9. Net taxes: As per SNA 2008, in 2011-12 series, Taxes have been reclassified into Product, Production and Income & Wealth Taxes instead of Direct and Indirect Taxes. Similarly, Subsidies have been reclassified into Product and Production subsidies. As per latest classification, Customs, Excise, Sales tax, Service tax and other indirect taxes like electricity tax, taxes on passengers and goods, taxes on vehicles etc. are part of product taxes. Taxes were reclassified based on the component-wise information available in previous series, to the extent possible. A few components where past data was not separately available, splicing method has been applied to arrive at component-wise back-series estimates of product and production taxes. Current price estimates of production subsidies were first computed by adding production subsidies of NDEs and imputed subsidies of DEs. The total subsidies net of the production subsidies gave the product subsidies for the years 2004-05 to 2011-12 in line with new series. Splicing procedure was then adopted to get the backseries estimates of subsidies in current prices. For constant prices estimates, as in 2011-12 series, volume extrapolation method has been used for product taxes and deflation method has been used for product subsidies. Expenditure Aggregates
10. GFCE: The estimates of Government Final Consumption Expenditure (GFCE) at current prices for the years prior to 2011-12 have been arrived at by splicing and the constant prices estimates have been arrived at by deflating the current prices using appropriate indices.

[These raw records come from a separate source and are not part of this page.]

(* Let $\eta^+,\eta^-\in(0,1]$, $\eta_d=\frac1{\eta^-}-\eta^+$, $\mathbb{P}_\xi$ a probability measure on $[-1,1]$ with mean zero and cumulative distribution function $F$, $\varphi(z)=\int_{-1}^zF(\xi)\mathrm{d}\xi$, $\dot y(x^b,x^r)=\eta^+x^b-\eta_d x^r\varphi(-x^b/x^r)$ for $x^r>0$, $\dot y(x^b,0)=\eta^+x^b-\eta_d[x^b]^-$, $\dot y^\star\in\mathbb{R}$, and let $g:\mathbb{R}_+\to\mathbb{R}$ be the unique function with $\dot y(g(x^r),x^r)=\dot y^\star$ for all $x^r\ge0$ (it is convex, continuous and nondecreasing). Let $T>0$, $c^b>0$, $c^r\ge0$, and $\bar x^r\ge0$, and consider the problem $\min_{x^r\in[0,\bar x^r]} T\big(c^b g(x^r)-c^r x^r\big)$. Let $g'_+$ and $g'_-$ denote the right and left derivatives of $g$. Define $x^r_\ast$ as follows: if $\bar x^r=0$ or $g'_+(0)\ge c^r/c^b$, then $x^r_\ast=0$; if $\bar x^r>0$ and $g'_-(\bar x^r)<c^r/c^b$, then $x^r_\ast=\bar x^r$; otherwise (i.e. $\bar x^r>0$, $g'_+(0)<c^r/c^b\le g'_-(\bar x^r)$), $x^r_\ast=\min\mathcal{X}_\star$, where $\mathcal{X}_\star=\{x\in(0,\bar x^r]: g'_-(x)\le c^r/c^b\le g'_+(x)\}$ is nonempty and compact. Then $x^r_\ast$ is an optimal solution of the problem.
   Context: $[a]^-=\max\{-a,0\}$. In the paper, $[0,\bar x^r]$ is the feasible set of the reduced battery bidding problem in the reserve variable $x^r$ (base power $x^b=g(x^r)$), $c^b$ is the price of base power and $c^r$ the reserve price; $\mathcal{X}_\star$ is the set of zeros of the net marginal cost $T(c^bg'(x^r)-c^r)$ in the subdifferential sense. *)

From HB Require Import structures.
From mathcomp Require Import all_boot all_order all_algebra.
From mathcomp Require Import all_classical all_reals all_analysis.
Set Implicit Arguments. Unset Strict Implicit. Unset Printing Implicit Defensive.
Import Order.TTheory GRing.Theory Num.Theory.
Import numFieldNormedType.Exports.
Local Open Scope classical_set_scope.
Local Open Scope ring_scope.
(** * Reflection x -> 1 - x *)

Definition complement (eps : nat -> nat) (k : nat) : nat := (1 - eps k)%nat.

Lemma not_dyadic_reflect x : ~ dyadic x -> ~ dyadic (1 - x).
Proof.
  intros Hnd [k [m E]]. apply Hnd. exists (2 ^ Z.of_nat m - k)%Z, m.
  rewrite minus_IZR, <- pow_IZR. replace x with (1 - (1 - x)) at 1 by ring.
  rewrite E. field. apply pow_nonzero. lra.
Qed.

Section Reflection.

Variables (x : R) (eps : nat -> nat).
Hypothesis Hdig : digits x eps.

Lemma INR_complement k : (1 <= k)%nat -> INR (complement eps k) = 1 - INR (eps k).
Proof. intros Hk. unfold complement. rewrite minus_INR by (apply Hdig, Hk). reflexivity. Qed.

Lemma digits_reflect : digits (1 - x) (complement eps).
Proof.
  split; [intros k _; unfold complement; lia|].
  pose proof (is_series_minus _ _ _ _ is_series_half_pow (proj2 Hdig)) as H.
  eapply is_series_ext; [|exact H].
  intros k. unfold minus, plus, opp; simpl. rewrite INR_complement by lia.
  field. apply pow_nonzero. lra.
Qed.

Lemma digit_tail_reflect j : digit_tail (complement eps) (1 - x) j = 1 - digit_tail eps x j.
Proof.
  induction j as [|j IH]; [unfold digit_tail; simpl; ring|].
  rewrite !digit_tail_succ, IH, INR_complement by lia. ring.
Qed.

Lemma ones_reflect n : ones (complement eps) n = INR n - ones eps n.
Proof.
  induction n as [|n IH]; [simpl; ring|].
  simpl ones. rewrite IH, INR_complement, S_INR by lia. ring.
Qed.
Lemma spider_adj_leg u v : spider_adj u v -> u != None -> v != None -> leg_of u = leg_of v.
Proof.
have leg_of_parent w : parent w != None -> leg_of (parent w) = leg_of w.
  by case: w => [[j k]|] //=; case: ifP.
by rewrite spider_adj_parent => /orP[] /andP[_ /eqP <-] Hu Hv; rewrite leg_of_parent.
Qed.

Variables (m q : nat) (P : {set {set V}}).
Hypothesis P_conn : connected_partition_of_type_mq (@spider_adj d lam) m q P.
Hypothesis m_gt0 : (0 < m)%N.

Lemma block_in_leg B : B \in P -> None \notin B -> exists j, B \subset leg j.
Proof.
case: P_conn => _ conn card_B _ BP centerNB.
have /card_gt0P [x0 Hx0] : (0 < #|B|)%N by rewrite card_B.
case Ex0 : x0 => [t0|]; last by rewrite -Ex0 Hx0 in centerNB.
exists (tag t0); apply/subsetP => y Hy.
have := conn B BP => /forallP /(_ x0) /implyP /(_ Hx0) /forallP /(_ y) /implyP /(_ Hy).
have leg_closed : closed [rel u v | [&& spider_adj u v, u \in B & v \in B]] (leg (tag t0)).
  move=> u v /= /and3P[Huv Hu Hv]; rewrite !inE (spider_adj_leg Huv) //.
  - by apply: contraNneq centerNB => <-.
  - by apply: contraNneq centerNB => <-.
by move/(closed_connect leg_closed) <-; rewrite Ex0 inE.
Qed.

Definition leg_blocks (j : 'I_d) : {set {set V}} := [set B in P | B \subset leg j].

(* They are disjoint blocks of size m in a set of size lam j. *)
Lemma card_leg_blocks j : (#|leg_blocks j| * m <= lam j)%N.
Proof.
case: P_conn => /and3P[_ P_triv _] _ card_B _.
rewrite -card_leg.
have Hpart : partition (leg_blocks j) (cover (leg_blocks j)).
  apply/and3P; split => //.
  - by apply: trivIsetS P_triv; apply/subsetP => B; rewrite inE => /andP[].
  - by apply/negP; rewrite inE => /andP[/card_B]; rewrite cards0 => E; lia.
rewrite -(card_uniform_partition _ Hpart); last first.
  by move=> B; rewrite inE => /andP[/card_B].
by apply: subset_leq_card; apply/bigcupsP => B; rewrite inE => /andP[].
Qed.

(* All q - 1 blocks other than the one containing the center lie in legs. *)
Lemma card_blocks_off_center : (q - 1 <= \sum_(j < d) #|leg_blocks j|)%N.
Proof.
case: (P_conn) => P_part _ _ card_P.
have P_triv : trivIset P by case/and3P: P_part.
pose B0 := pblock P None.
have B0P : B0 \in P by apply: pblock_mem; rewrite (cover_partition P_part) inE.
have -> : (q - 1 = #|P :\ B0|)%N by rewrite -card_P (cardsD1 B0 P) B0P /= addKn.
rewrite -sum1_card.
apply: (@leq_trans (\sum_(B in P :\ B0) \sum_(j < d) (B \subset leg j))).
  apply: leq_sum => B; rewrite !inE => /andP[B_neq BP].
  have centerNB : None \notin B.
    apply: contra B_neq => centerB; apply/eqP.
    by rewrite /B0 (def_pblock P_triv BP centerB).
  have [j Hj] := block_in_leg BP centerNB.
  by rewrite (bigD1 j) //= Hj.
rewrite exchange_big /=; apply: leq_sum => j _.
rewrite -sum1_card [X in (_ <= X)%N]big_mkcond /= [X in (X <= _)%N]big_mkcond /=.
apply: leq_sum => B _; rewrite !inE.
by case: (B \subset leg j); case: (B \in P); case: (B != B0).
Qed.
Lemma le_of_no_grade_gap (r : nat -> nat) (p : nat) :
    (forall j, (1 <= j < p)%N -> (r j <= r j.+1)%N) ->
    (forall j, (1 <= j <= p)%N -> (2 <= r j)%N ->
       exists2 j', (1 <= j' <= p)%N & r j' = (r j).-1) ->
  forall s, (1 <= s <= p)%N -> (r s <= s)%N.
Proof.
move=> r_step no_gap.
have r_mono : {in [pred j | 1 <= j <= p]%N &, {homo r : i j / (i <= j)%N}}.
  apply: homo_leq_in => // [|i j|i]; first exact: leq_trans.
    by rewrite !inE => ? ? k ?; rewrite inE; lia.
  by rewrite !inE => ? ?; apply: r_step; lia.
elim=> [|s IHs] s_range; first lia.
rewrite leqNgt; apply/negP => lt_s_r.
have [j j_range r_j] := no_gap _ s_range (leq_ltn_trans (ltn0Sn s) lt_s_r).
have [le_js | lt_sj] := leqP j s.
  by have := r_mono j s; have := IHs; rewrite !inE; lia.
by have := r_mono s.+1 j; rewrite !inE; lia.
Qed.

Section FiliformBasis.
Variables (F : fieldType) (V : vectType F) (mul : V -> V -> V) (G : nat -> {vspace V}).
Variables (n p : nat) (e f : nat -> V) (r : nat -> nat).
Hypothesis assoc_mul : is_assoc_algebra mul.
Hypothesis gradG : natural_grading mul G.
Hypothesis basis_ef :
  basis_of fullv ([seq e i | i <- iota 1 (n - p)] ++ [seq f j | j <- iota 1 p]).
Hypothesis mul_e1e : forall i, (1 <= i <= n - p - 1)%N -> mul (e 1%N) (e i) = e i.+1.
Hypothesis mul_e1_last : mul (e 1%N) (e (n - p)%N) = 0.
Hypothesis mul_e1f : forall j, (1 <= j <= p)%N -> mul (e 1%N) (f j) = 0.
Hypothesis e_homog : forall i, (1 <= i <= n - p)%N -> e i \in G i.
Hypothesis f_homog : forall j, (1 <= j <= p)%N -> f j \in G (r j).

Let linear_mull x : linear (mul x). Proof. by case: assoc_mul. Qed.
Let linear_mulr y : linear (mul^~ y). Proof. by case: assoc_mul. Qed.
Let mulA x y z : mul x (mul y z) = mul (mul x y) z. Proof. by case: assoc_mul. Qed.

Local Notation espan := <<[seq e i | i <- iota 1 (n - p)]>>%VS.

Definition ef_vec (k : nat + nat) : V := match k with inl i => e i | inr j => f j end.
Definition ef_deg (k : nat + nat) : nat := match k with inl i => i | inr j => r j end.
Definition ef_index : seq (nat + nat) :=
  [seq inl i | i <- iota 1 (n - p)] ++ [seq inr j | j <- iota 1 p].

Lemma inl_ef_index i : (inl i \in ef_index) = (i \in iota 1 (n - p)).
Proof.
rewrite mem_cat; apply/orP/idP => [[/mapP[i' ? [->]] | /mapP[]] // | ?].
by left; apply: map_f.
Qed.

Lemma inr_ef_index j : (inr j \in ef_index) = (j \in iota 1 p).
Proof.
rewrite mem_cat; apply/orP/idP => [[/mapP[] | /mapP[j' ? [->]]] // | ?].
by right; apply: map_f.
Qed.

Lemma ef_basis : basis_of fullv [seq ef_vec k | k <- ef_index].
Proof. by rewrite map_cat -!map_comp. Qed.

Lemma ef_homog k : k \in ef_index -> ef_vec k \in G (ef_deg k).
Proof.
case: k => [i | j]; rewrite ?inl_ef_index ?inr_ef_index mem_iota => range_k.
  by apply: e_homog; lia.
by apply: f_homog; lia.
Qed.

Lemma mul_e1_espan y : mul (e 1%N) y \in espan.
Proof.
rewrite -(memv_linpreimv (linear_mull _)); apply: (subvP _ _ (memvf y)).
rewrite -(span_basis basis_ef); apply/span_subvP => x; rewrite mem_cat memv_linpreimv.
case/orP => /mapP[i i_range ->]; rewrite mem_iota in i_range;
  last by rewrite mul_e1f ?mem0v //; lia.
have [lt_i_np | ge_i_np] := ltnP i (n - p).
  by rewrite mul_e1e; [apply/memv_span/map_f; rewrite mem_iota |]; lia.
by rewrite (_ : i = n - p)%N ?mul_e1_last ?mem0v //; lia.
Qed.

Lemma mul_espan u w : u \in espan -> mul u w \in espan.
Proof.
rewrite -(memv_linpreimv (linear_mulr w)); move: u; apply/subvP/span_subvP.
move=> x /mapP[[|[|i]] i_range ->]; rewrite mem_iota in i_range; first lia.
  by rewrite memv_linpreimv mul_e1_espan.
by rewrite memv_linpreimv -mul_e1e -?mulA ?mul_e1_espan //; lia.
Qed.

Lemma apow_sub_espan_addv k : (0 < k)%N -> {in iota 1 p, forall j, r j != k} ->
  (apow mul k <= espan + apow mul k.+1)%VS.
Proof.
move=> k_gt0 no_f_of_grade_k.
rewrite (apow_homogeneous_basis gradG ef_basis ef_homog) //.
apply/span_subvP => x /mapP[[i | j] + ->]; rewrite mem_filter /=.
  by case/andP=> _; rewrite inl_ef_index => ?; apply/(subvP (addvSl _ _))/memv_span/map_f.
case/andP=> le_k_rj; rewrite inr_ef_index => j_range; apply: (subvP (addvSr _ _)).
apply: (subvP (grade_sub_apow gradG _)) (f_homog _);
  last by move: j_range; rewrite mem_iota.
by rewrite /= ltn_neqAle le_k_rj andbT eq_sym no_f_of_grade_k.
Qed.

Lemma f_notin_espan_addv_apow j :
  (1 <= j <= p)%N -> f j \notin (espan + apow mul (r j).+1)%VS.
Proof.
move=> j_range; pose P (k : nat + nat) := if k is inr j' then (r j < r j')%N else true.
suff sub_P : (espan + apow mul (r j).+1 <= <<[seq ef_vec k | k <- ef_index & P k]>>)%VS.
  apply/negP => /(subvP sub_P) fj_P; suff: P (inr j) by rewrite /P ltnn.
  apply: (free_mem_span_filter (P := P) (k := inr j) (basis_free ef_basis) _ fj_P).
  by rewrite inr_ef_index mem_iota.
rewrite subv_add (apow_homogeneous_basis gradG ef_basis ef_homog) //.
apply/andP; split; apply: sub_span => x /mapP[k k_in ->].
  rewrite -inl_ef_index in k_in; rewrite -[e k]/(ef_vec (inl k)).
  by apply: map_f; rewrite mem_filter k_in.
apply: map_f; move: k_in; rewrite !mem_filter => /andP[lt_deg ->].
by rewrite andbT; case: k lt_deg.
Qed.

Lemma f_grade_gap j : (1 <= j <= p)%N -> (2 <= r j)%N ->
  exists2 j', (1 <= j' <= p)%N & r j' = (r j).-1.
Proof.
move=> j_range r_j_ge2.
have [/hasP[j' j'_range /eqP r_j'] | /hasPn no_f_of_grade] :=
  boolP (has (fun j' => r j' == (r j).-1) (iota 1 p)).
  by exists j' => //; move: j'_range; rewrite mem_iota; lia.
have grade_gt0 : (0 < (r j).-1)%N by rewrite -ltnS prednK // ltnW.
have := apowS_sub_addv_ideal assoc_mul grade_gt0 mul_espan
  (apow_sub_espan_addv grade_gt0 no_f_of_grade).
rewrite prednK ?(ltnW r_j_ge2) // => sub_rj.
have fj_apow : f j \in apow mul (r j).
  by apply/(subvP (grade_sub_apow gradG _))/f_homog; lia.
by have := f_notin_espan_addv_apow j_range; rewrite (subvP sub_rj).
Qed.

End FiliformBasis.

Theorem mainTheorem1 (R : realType) (V : vectType R[i]) (mul : V -> V -> V)
    (G : nat -> {vspace V}) (n p : nat)
    (e f : nat -> V) (r : nat -> nat) :
  is_assoc_algebra mul ->
  \dim (fullv : {vspace V}) = n ->
  (1 <= p)%N ->
  nilpotent_alg mul ->
  natural_grading mul G ->
  p_filiform mul p ->
  basis_of fullv ([seq e i | i <- iota 1 (n - p)] ++ [seq f j | j <- iota 1 p]) ->
  e 1%N \in G 1%N ->
  (forall i, (1 <= i <= n - p - 1)%N -> mul (e 1%N) (e i) = e i.+1) ->
  mul (e 1%N) (e (n - p)%N) = 0 ->
  (forall j, (1 <= j <= p)%N -> mul (e 1%N) (f j) = 0) ->
  (forall i, (1 <= i <= n - p)%N -> e i \in G i) ->
  (forall j, (1 <= j <= p)%N -> f j \in G (r j)) ->
  (forall j, (1 <= j < p)%N -> (r j <= r j.+1)%N) ->
  (r p <= n - p)%N ->
  forall s, (1 <= s <= p)%N -> (r s <= s)%N.
Proof.
move=> assoc_mul _ _ _ gradG _ basis_ef _ mul_e1e mul_e1_last mul_e1f e_homog f_homog.
move=> r_step _.
apply: le_of_no_grade_gap r_step _ => j j_range.
exact: (f_grade_gap assoc_mul gradG basis_ef mul_e1e mul_e1_last mul_e1f e_homog f_homog).
Qed.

11. PFCE: The estimates of Private Final Consumption Expenditure (PFCE) for the years prior to 2011-12 both at current and constant price have been arrived at by using splicing technique.
12. Exports & Imports: The estimates of Exports and Imports for the back-series at current prices were taken as published in NAS 2014 and the constant price estimates have been arrived at using splicing.
13. GCF and Savings: In the new series 2011-12, GFCF comprises of four broad categories of assets as per SNA-2008 - (i) Dwellings, Other Buildings & Structures (DOBS) (ii) Machinery & Equipment (ME) (iii) Cultivated Biological Resources (CBR) and (iv) Intellectual Property Products (IPP). In 2011-12 series, for estimation of change in stocks of inventories, the book values of stocks for the corporations have been revalued using suitable WPIs. Expenditure of households on valuables has been included as savings in the form of physical assets of households in the new series. Back-series estimates of GFCF have been compiled using splicing technique as is done for construction assets, which accounts for about 57% of GFCF. Further, Institution-wise splicing was done for compiling back-series estimates of GFCF. The total GFCF is distributed on the basis of share of each asset in total GFCF for the year 2011-12. Similar treatment has been adopted in compilation of back-series estimates of Change in Stocks, Valuables and Savings.